Published on the 19th September, 2022 by:

  1. Gayatri Kathayat Associate Professor of Global Environmental Change, Xi’an Jiaotong University
  2. Ashish Sinha Professor of Earth and Climate Sciences, California State University, Dominguez Hills

In a remote cave in northeast India, rainwater has slowly dripped from the ceiling in the same spots for over 1,000 years. With each drop, minerals in the water accumulate on the floor below, slowly growing into calcium carbonate towers known as stalagmites.

These stalagmites are more than geological wonders – like tree rings, their layers record the region’s rainfall history. They also carry a warning about the potential for catastrophic multiyear droughts in the future. 

By analyzing the geochemistry of these stalagmites in a new study published Sept. 19, 2022, in the Proceedings of the National Academy of Sciences, we were able to create the most precise chronology yet of the summer Indian monsoon over the past millennium. It documents how the Indian subcontinent frequently experienced long, severe droughts unlike any observed in the last 150 years of reliable monsoon rainfall measurements. 

The drought periods we detected are in striking synchrony with historical accounts of droughts, faminesmass mortality events and geopolitical changes in the region.
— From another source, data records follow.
(* Let $\pi_1,\pi_2:\mathbb P^3\dashrightarrow\mathbb P^2$ be linear projections with centers $c_1\neq c_2$ and fundamental matrix $F$. Under the bijection between lines $\ell_F\subset\mathbb P(\mathbb C^{3\times3})$ through $F$ and quadrics $Q\subset\mathbb P^3$ through $c_1,c_2$, the quadric $Q$ corresponding to $\ell_F$ is obtained as follows: for any $M\in\ell_F$ with $M\neq F$, $Q$ is cut out by the equation $\pi_2(p)^\top M\pi_1(p)=0$.
   Context: Work over $\mathbb C$. A linear projection $\pi:\mathbb P^3\dashrightarrow\mathbb P^2$ is $p\mapsto Ap$, $A\in\mathbb C^{3\times4}$ of rank three, with center spanning $\ker A$. The fundamental matrix of $(\pi_1,\pi_2)$ is the rank-two $F\in\mathbb P(\mathbb C^{3\times3})$ with $\pi_2(p)^\top F\pi_1(p)=0$ for all $p\in\mathbb P^3$. The claim includes that this $Q$ does not depend on the choice of $M\in\ell_F\setminus\{F\}$ and that $\ell_F\mapsto Q$ is a bijection onto the quadrics through $c_1,c_2$. *)

From HB Require Import structures.
From mathcomp Require Import all_boot all_order all_algebra.
From mathcomp Require Export complex.
Set Implicit Arguments. Unset Strict Implicit. Unset Printing Implicit Defensive.
Import GRing.Theory.
Local Open Scope ring_scope.

(* The ground field: C := R[i] for a real closed field R (e.g. the reals),
   an algebraically closed field of characteristic 0. *)

Section Defs.
Variable K : fieldType.

(* pi(p) = A p for a camera matrix A : 'M_(3,4); a linear projection
   P^3 --> P^2 is such an A of rank 3. *)
Definition is_projection (A : 'M[K]_(3,4)) : Prop := \rank A = 3%N.

Definition is_center (A : 'M[K]_(3,4)) (c : 'cV[K]_4) : Prop :=
  c != 0 /\ A *m c = 0.

Definition bil3 (x : 'cV[K]_3) (M : 'M[K]_3) (y : 'cV[K]_3) : K :=
  (x^T *m M *m y) 0 0.

Definition is_fundamental (A1 A2 : 'M[K]_(3,4)) (F : 'M[K]_3) : Prop :=
  \rank F = 2%N /\ forall p : 'cV[K]_4, bil3 (A2 *m p) F (A1 *m p) = 0.

Definition epi_form (A1 A2 : 'M[K]_(3,4)) (M : 'M[K]_3) (p : 'cV[K]_4) : K :=
  bil3 (A2 *m p) M (A1 *m p).

(* Quadrics in P^3 are represented by quadratic forms q : K^4 -> K given by a
   4x4 matrix,  q_B(p) = p^T B p ; a quadratic form defines a quadric iff it
   is not identically zero, and two such define the same quadric iff they are
   proportional by a nonzero scalar. *)
Definition qform (B : 'M[K]_4) (p : 'cV[K]_4) : K := (p^T *m B *m p) 0 0.

Definition nonzero_form (q : 'cV[K]_4 -> K) : Prop := exists p, q p != 0.

Definition same_quadric (q q' : 'cV[K]_4 -> K) : Prop :=
  exists a : K, a != 0 /\ forall p, q p = a * q' p.

(* A line l_F in P(K^{3x3}) through F: a 2-dimensional subspace containing F.
   Its points other than F are the M in l_F not in the span of F. *)
Definition line_through (F : 'M[K]_3) (L : {vspace 'M[K]_3}) : Prop :=
  \dim L = 2%N /\ F \in L.

Definition point_of_line_not_F (F : 'M[K]_3) (L : {vspace 'M[K]_3})
  (M : 'M[K]_3) : Prop := M \in L /\ M \notin <[F]>%VS.

End Defs.

From HB Require Import structures.
From mathcomp Require Import all_boot all_order all_algebra.
From mathcomp Require Import complex ring.
From Stdlib Require Import Classical.
Set Implicit Arguments. Unset Strict Implicit. Unset Printing Implicit Defensive.
Import GRing.Theory.
Local Open Scope ring_scope.

(* The matrix M gives the quadratic form p |-> pi_2(p)^T M pi_1(p) = p^T (A2^T M A1) p.
   As A1 and A2 are onto, M |-> A2^T M A1 is injective, and its image consists of the
   N with N c1 = 0 and c2^T N = 0; every quadratic form vanishing at c1 and c2 has such
   a representing matrix.  A form vanishing identically comes from an alternating N;
   since c1 and c2 lie in its radical and we are in dimension 4, such N form a line,
   spanned by A2^T F A1.  So M |-> (form of M) is linear with kernel <[F]> and image the
   forms vanishing at c1 and c2, and projectivizing it matches the lines through F with
   the quadrics through c1 and c2. *)

Section BilinearForm.
Variable K : fieldType.

Definition bform m n (x : 'cV[K]_m) (M : 'M[K]_(m, n)) (y : 'cV[K]_n) : K :=
  (x^T *m M *m y) 0 0.

Lemma bformDl m n x1 x2 (M : 'M[K]_(m, n)) y :
  bform (x1 + x2) M y = bform x1 M y + bform x2 M y.
Proof. by rewrite /bform linearD /= !mulmxDl mxE. Qed.

Lemma bformZl m n a x (M : 'M[K]_(m, n)) y : bform (a *: x) M y = a * bform x M y.
Proof. by rewrite /bform linearZ /= -!scalemxAl mxE. Qed.

Lemma bform0l m n (M : 'M[K]_(m, n)) y : bform 0 M y = 0.
Proof. by rewrite /bform trmx0 !mul0mx mxE. Qed.

Lemma bformDr m n x (M : 'M[K]_(m, n)) y1 y2 :
  bform x M (y1 + y2) = bform x M y1 + bform x M y2.
Proof. by rewrite /bform mulmxDr mxE. Qed.

Lemma bformZr m n a x (M : 'M[K]_(m, n)) y : bform x M (a *: y) = a * bform x M y.
Proof. by rewrite /bform -scalemxAr mxE. Qed.

Lemma bformDm m n x (M1 M2 : 'M[K]_(m, n)) y :
  bform x (M1 + M2) y = bform x M1 y + bform x M2 y.
Proof. by rewrite /bform mulmxDr mulmxDl mxE. Qed.

Lemma bformZm m n a x (M : 'M[K]_(m, n)) y : bform x (a *: M) y = a * bform x M y.
Proof. by rewrite /bform -scalemxAr -scalemxAl mxE. Qed.

Lemma bformBl m n x1 x2 (M : 'M[K]_(m, n)) y :
  bform (x1 - x2) M y = bform x1 M y - bform x2 M y.
Proof. by rewrite bformDl -scaleN1r bformZl mulN1r. Qed.

Lemma bformBr m n x (M : 'M[K]_(m, n)) y1 y2 :
  bform x M (y1 - y2) = bform x M y1 - bform x M y2.
Proof. by rewrite bformDr -scaleN1r bformZr mulN1r. Qed.

Lemma bformBm m n x (M1 M2 : 'M[K]_(m, n)) y :
  bform x (M1 - M2) y = bform x M1 y - bform x M2 y.
Proof. by rewrite bformDm -scaleN1r bformZm mulN1r. Qed.

Lemma bform_mulmx m n p q (A : 'M[K]_(p, m)) (B : 'M[K]_(q, n)) x M y :
  bform (A *m x) M (B *m y) = bform x (A^T *m M *m B) y.
Proof. by rewrite /bform trmx_mul !mulmxA. Qed.

Lemma bform_trmx n x (M : 'M[K]_n) y : bform x M^T y = bform y M x.
Proof.
have tr11 (A : 'M[K]_1) : A 0 0 = A^T 0 0 by rewrite mxE.
by rewrite /bform [RHS]tr11 !trmx_mul !trmxK mulmxA.
Qed.

Lemma bform_kerr m n x (M : 'M[K]_(m, n)) y : M *m y = 0 -> bform x M y = 0.
Proof. by rewrite /bform -mulmxA => ->; rewrite mulmx0 mxE. Qed.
They show how the decline of the Mughal Empire and India’s textile industries in the 1780s and 1790s coincided with the most severe 30-year period of drought over the millennium. The depth and duration of the drought would have caused widespread crop failures and the level of famine discussed in written documentsat the time. 

Another long drought encompasses the 1630-1632 Deccan famine, one of the most devastating droughts in India’s history. Millions of people died as crops failed. Around the same time, the elaborate Mughal capital of Fatehpur Sikri was abandoned and the Guge Kingdom collapsed in western Tibet.

Buland Darwaza (Door of Victory) at Fatehpur Sikri, India.

Our findings have important implications today for water planning in a warming world, particularly for India, which, with its vast monsoon-reliant agriculture industry, is on pace to soon be the most populous country on the planet.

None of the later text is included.